Returning to FIG. 2, the seal 17 may be biased toward the seal carrier 12 by the seal spring 60, as discussed above. In one embodiment, the seal spring 60 may include a wire filament coiled about the plunger 14 to form a plurality of coils 64 that encircle the plunger. Each coil 64 may have an inner surface 61 facing the plunger 14 and an outer surface 62 facing away from the plunger. In other embodiments, the seal spring 60 may have other shapes that also bias the annular seal 17 toward the seal carrier 12.

It has been found that the seal springs may flex transverse to the axis of the plunger 14 and rub against either the plunger or the collar 50. Accordingly, the seal springs may wear down and may place an uneven load on the seals against which the seal springs bear, causing the seals to leak. Alternatively, the seal springs may cause either the collar 50 or the plunger 14 to wear, reducing the useful life of these components.

One approach to addressing the spring wear problem has been to increase the size of the bore through the collar 50, reducing the likelihood that the outer surface of the seal springs will contact the inner surface of the bore. One problem with this approach is that the seal springs may flex transversely by a greater amount when positioned in the larger bore. Therefore, even if the outer surface of the seal spring does not contact the inner surface of the bore, the inner surface of the spring may be more likely to contact the plunger 14, causing the seal spring and the plunger to wear and placing an uneven load on the seal.

Accordingly, in one embodiment of the present invention, the annular seal 17 may include a body 28 and an annular flange portion 54. The flange portion 54 extends away from the body concentric with the seal spring 60, the plunger 14 and the annular seal 17, and engages the outer surface 62 of the seal spring. For example, the flange portion 54 may have an engaging surface 56 that engages two of the coils 64 of the seal spring 60. Accordingly, the engaging surface 56 may be curved to correspond to the curved shape of the coils 64. In other embodiments, the engaging surface 56 may engage more or fewer coils 64 and/or other portions of the seal spring 60, as is discussed in greater detail below with reference to FIGS. 4-9. In further alternate embodiments, the engaging surface 56 may engage seal springs 60 having shapes other than the axisymmetric coiled shape shown in FIG. 2.

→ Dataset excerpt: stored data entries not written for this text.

Lemma open_wedge_setC_lift (S : set nat) (q : forall i, X i) :
  (forall i, S i -> q i != x0 i) ->
  @open W (~` [set lift (q i) | i in S]).
Proof.
move=> qx0; apply/wedge_openP => j; apply: open_mdist => y /= Sy.
have lift_q_idx i (y' : X j) : S i -> lift (q i) = lift y' -> i = j.
  move=> Si qy'; apply/eqP; apply: contraT => ij.
  by have [/eqP] := mwedge_lift_eqNE ij qy'; rewrite (negbTE (qx0 i Si)).
have [Sj|nSj] := pselect (S j).
  have yq : y != q j by apply: contra_notN Sy => /eqP ->; exists j.
  exists (mdist y (q j)); first by rewrite mdist_gt0.
  move=> y' yy' [i Si qy']; have ij := lift_q_idx _ _ Si qy'; subst i.
  by move: yy'; rewrite (mwedge_lift_inj qy') ltxx.
exists 1 => // y' _ [i Si qy']; have ij := lift_q_idx _ _ Si qy'; subst i.
exact: nSj.
Qed.

Lemma compact_wedge_subwedge (C : set W) : compact C ->
  exists N, C `<=` subwedge x0 N.
Proof.
move=> cC; pose P i := exists2 u : X i, u != x0 i & C (lift u).
have hq i : {q : X i | P i -> q != x0 i /\ C (lift q)}.
  apply: cid; have [[u ux0 Cu]|nPi] := pselect (P i); first by exists u.
  by exists (x0 i).
pose q i := sval (hq i); have qP i : P i -> q i != x0 i /\ C (lift (q i)).
  exact: svalP (hq i).
pose O n : set W := ~` [set lift (q i) | i in [set i | (n < i)%N /\ P i]].
have [N CON] : exists N, C `<=` O N.
  apply: compact_increasing_cover cC _ _ _.
  - by move=> n; apply: open_wedge_setC_lift => i [_ /qP []].
  - move=> n m nm w Onw [i [mi Pi] qw]; apply: Onw.
    by exists i => //; split => //; exact: leq_ltn_trans nm mi.
  - move=> w Cw; have [i [u wu]] := mwedge_liftP w.
    exists i => // -[i' [ii' /qP [qx0 _]] qw]; rewrite wu in qw.
    have [/eqP] := mwedge_lift_eqNE (negbT (gtn_eqF ii')) qw.
    by rewrite (negbTE qx0).
exists N => w Cw; have [i [u wu]] := mwedge_liftP w.
have [iN|Ni] := leqP i N; first by exists i, u.
have [ux0|ux0] := eqVneq u (x0 i).
  by rewrite wu ux0 mwedge_lift_pt; exact: subwedge_pt.
have Pi : P i by exists u; rewrite -?wu.
by exfalso; apply: (CON _ (qP i Pi).2); exists i.
Qed.

Lemma compact_mwedge_small_tail (C : set M) (e : R) : compact C -> 0 < e ->
  exists N, forall i (u : X i), (N < i)%N -> C (lift u) -> mdist u (x0 i) < e.
Proof.
move=> cC e0.
pose O n : set M := [set m | mdist m pt < e \/ subwedge x0 n m /\ m != pt].
have [N CON] : exists N, C `<=` O N.
  apply: compact_increasing_cover cC _ _ _.
  - move=> n; apply: open_mdist => m [me|[[j [v [jn ->]]] vpt]].
      exists (e - mdist m pt); first by rewrite subr_gt0.
      move=> m' mm'; left; have := metric_triangle m' m pt.
      rewrite (metric_sym m' m); lra.
    have vx0 : v != x0 j by apply: contra_neq vpt => ->; rewrite mwedge_lift_pt.
    exists (mdist v (x0 j)); first by rewrite mdist_gt0.
    move=> m' vm'; right; have [w m'w] := mwedge_lift_ball vm'.
    split; first by exists j, w.
    by apply/eqP => m'pt; move: vm'; rewrite m'pt mdist_mwedge_lift_pt ltxx.
  - move=> n n' nn' m [me|[nm mpt]]; [left|right] => //.
    by split => //; exact: subwedgeS nn' _ nm.
  - move=> m _; have [j [v ->]] := mwedge_liftP m.
    have [->|vx0] := eqVneq v (x0 j).
      by exists 0%N => //; left; rewrite mwedge_lift_pt mdistxx.
    exists j => //; right; split; first by exists j, v.
    by apply: contra_neq vx0; rewrite -(mwedge_lift_pt x0 j); exact: mwedge_lift_inj.
exists N => i u Ni /CON [|[[j [v [jN uv]]] upt]].
  by rewrite mdist_mwedge_lift_pt.
have ij : i != j by rewrite gtn_eqF // (leq_ltn_trans jN Ni).
have [ux0 _] := mwedge_lift_eqNE ij uv.
by rewrite ux0 mwedge_lift_pt eqxx in upt.
Qed.

End compact_subsets.

Section collapse.
Context {R : realType} (X : nat -> metricType R) (x0 : forall i, X i).
Local Notation M := (mwedge x0).
Local Notation pt := (mwedge_pt x0).
Local Notation lift := (mwedge_lift x0).
Variable N : nat.

Definition collapse (m : M) : M := if (N < projT1 (repr m))%N then pt else m.

Lemma collapse_lift i (u : X i) :
  collapse (lift u) = if (N < i)%N then pt else lift u.
Proof.
rewrite /collapse; have [->|ux0] := eqVneq u (x0 i).
  by rewrite mwedge_lift_pt; case: ifP; case: ifP.
by rewrite repr_mwedge_lift.
Qed.

Lemma collapse_pt : collapse pt = pt.
Proof. by rewrite /collapse; case: ifP. Qed.

Lemma collapse_subwedge m : subwedge x0 N (collapse m).
Proof.
have [i [u ->]] := mwedge_liftP m; rewrite collapse_lift.
by case: ltnP => [_|iN]; [exact: subwedge_pt | exists i, u].
Qed.

Lemma collapse_id m : subwedge x0 N m -> collapse m = m.
Proof. by move=> [i [u [iN ->]]]; rewrite collapse_lift ltnNge iN. Qed.

Lemma collapse_mdist_le m m' : mdist (collapse m) (collapse m') <= mdist m m'.
Proof.
have [i [u ->]] := mwedge_liftP m; have [j [v ->]] := mwedge_liftP m'.
have pt_le k (w : X k) l (y : X l) : (N < k)%N -> ~~ (N < l)%N ->
    mdist pt (lift y) <= mdist (lift w) (lift y).
  move=> Nk Nl; have kl : k != l by apply: contraNneq Nl => <-.
  by rewrite metric_sym mdist_mwedge_lift_pt mdist_mwedge_liftNE // lerDr mdist_ge0.
rewrite !collapse_lift; case: ifP => Ni; case: ifP => Nj.
- by rewrite mdistxx mdist_ge0.
- by apply: pt_le; rewrite ?Nj.
- by rewrite metric_sym [leRHS]metric_sym; apply: pt_le; rewrite ?Ni.
- exact: lexx.
Qed.

Lemma continuous_collapse : continuous collapse.
Proof. exact/mdist_le_continuous/collapse_mdist_le. Qed.

End collapse.
Arguments collapse {R X} x0 N m.

Lemma wedge_homotopic_of_mwedge {R : realType} (X : nat -> metricType R)
    (x0 : forall i, X i) (K : topologicalType) (k0 : K) (f g : K -> wedge x0) :
  compact [set: K] -> continuous f -> continuous g ->
  @pointed_homotopic R _ _ k0 (mwedge_pt x0)
    (wedge_to_mwedge x0 \o f) (wedge_to_mwedge x0 \o g) ->
  @pointed_homotopic R _ _ k0 (wedge_pt x0) f g.
Proof.
move=> cK fc gc [H [Hc [H0 [H1 Hk0]]]].
have compact_range (h : K -> wedge x0) : continuous h -> compact (range h).
  by move=> hc; exact: continuous_compact (continuous_subspaceT hc) cK.
have [Nf fN] := compact_wedge_subwedge (compact_range f fc).
have [Ng gN] := compact_wedge_subwedge (compact_range g gc).
pose N := maxn Nf Ng.
exists (mwedge_to_wedge x0 \o (collapse x0 N \o H)); split; [|split; [|split]].
- have cH : {within [set p : K * R | 0 <= p.2 <= 1],
      continuous (collapse x0 N \o H)}.
    by move=> p; apply: continuous_comp (Hc p) _; exact: continuous_collapse.
  exact: continuous_mwedge_to_wedge cH (fun p => collapse_subwedge N (H p)).
- move=> k /=; rewrite H0 collapse_id //.
  exact: subwedgeS (leq_maxl Nf Ng) _ (fN _ (imageT f k)).
- move=> k /=; rewrite H1 collapse_id //.
  exact: subwedgeS (leq_maxr Nf Ng) _ (gN _ (imageT g k)).
- by move=> t t01 /=; rewrite Hk0 // collapse_pt.
Qed.

Section tail_contraction.
Context {R : realType} (X : nat -> metricType R) (x0 : forall i, X i).
Local Notation M := (mwedge x0).
Local Notation pt := (mwedge_pt x0).
Local Notation lift := (mwedge_lift x0).
Variables (r : R) (Rc : forall i, X i * R -> X i).
Arguments Rc : clear implicits.
Hypothesis r_gt0 : 0 < r.
Hypothesis Rc_contraction : forall i,
  strong_deformation_contraction (x0 i) [set y | mdist y (x0 i) < r] (Rc i).
Variable N : nat.

Lemma contraction_pt i t : 0 <= t <= 1 -> Rc i (x0 i, t) = x0 i.
Proof. by have [_ [_ [_ [_ [+ _]]]]] := Rc_contraction i; apply. Qed.

Lemma contraction0 i (u : X i) : mdist u (x0 i) < r -> Rc i (u, 0) = u.
Proof. by have [_ [_ [+ _]]] := Rc_contraction i; apply. Qed.

Lemma contraction1 i (u : X i) : mdist u (x0 i) < r -> Rc i (u, 1) = x0 i.
Proof. by have [_ [_ [_ [+ _]]]] := Rc_contraction i; apply. Qed.

Lemma contraction_mdist_pt_le i (u : X i) t : mdist u (x0 i) < r ->
  0 <= t <= 1 -> mdist (Rc i (u, t)) (x0 i) <= mdist u (x0 i).
Proof.
move=> ur t01; have [_ [_ [_ [_ [_ Rc_le]]]]] := Rc_contraction i.
by rewrite -{1}(contraction_pt i t01); apply: Rc_le => //=; rewrite mdistxx.
Qed.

An advantage of the seal 17 and the flange portion 54 is that they may engage the outer surface 62 of the seal spring 60 and restrict motion of the seal spring transverse to the axis of the plunger 14. Accordingly, the seal spring 60 may be less likely to contact the plunger 14 and/or the collar 50, potentially increasing the life of the plunger, the collar, and the seal spring. Furthermore, by reducing friction between the seal spring 60, the plunger 14, and the collar 50, the heat generated in the cylinder 24 may be reduced, thereby increasing the life of the seal 17.

As shown in FIG. 2, the collar 50 may include a flange portion 54a having an engaging surface 56a. The engaging surface 56a may be positioned to engage the outer surface 62 of the seal spring 60, opposite the portion of the seal spring engaged by the engaging surface 56 of the seal 17. By engaging the outer surface 62 of both ends of the seal spring 60, the collar 50 and the seal 17 may together further reduce the likelihood that the seal spring 60 will move transverse to the plunger 14, and may further increase the life of the components of the seal assembly.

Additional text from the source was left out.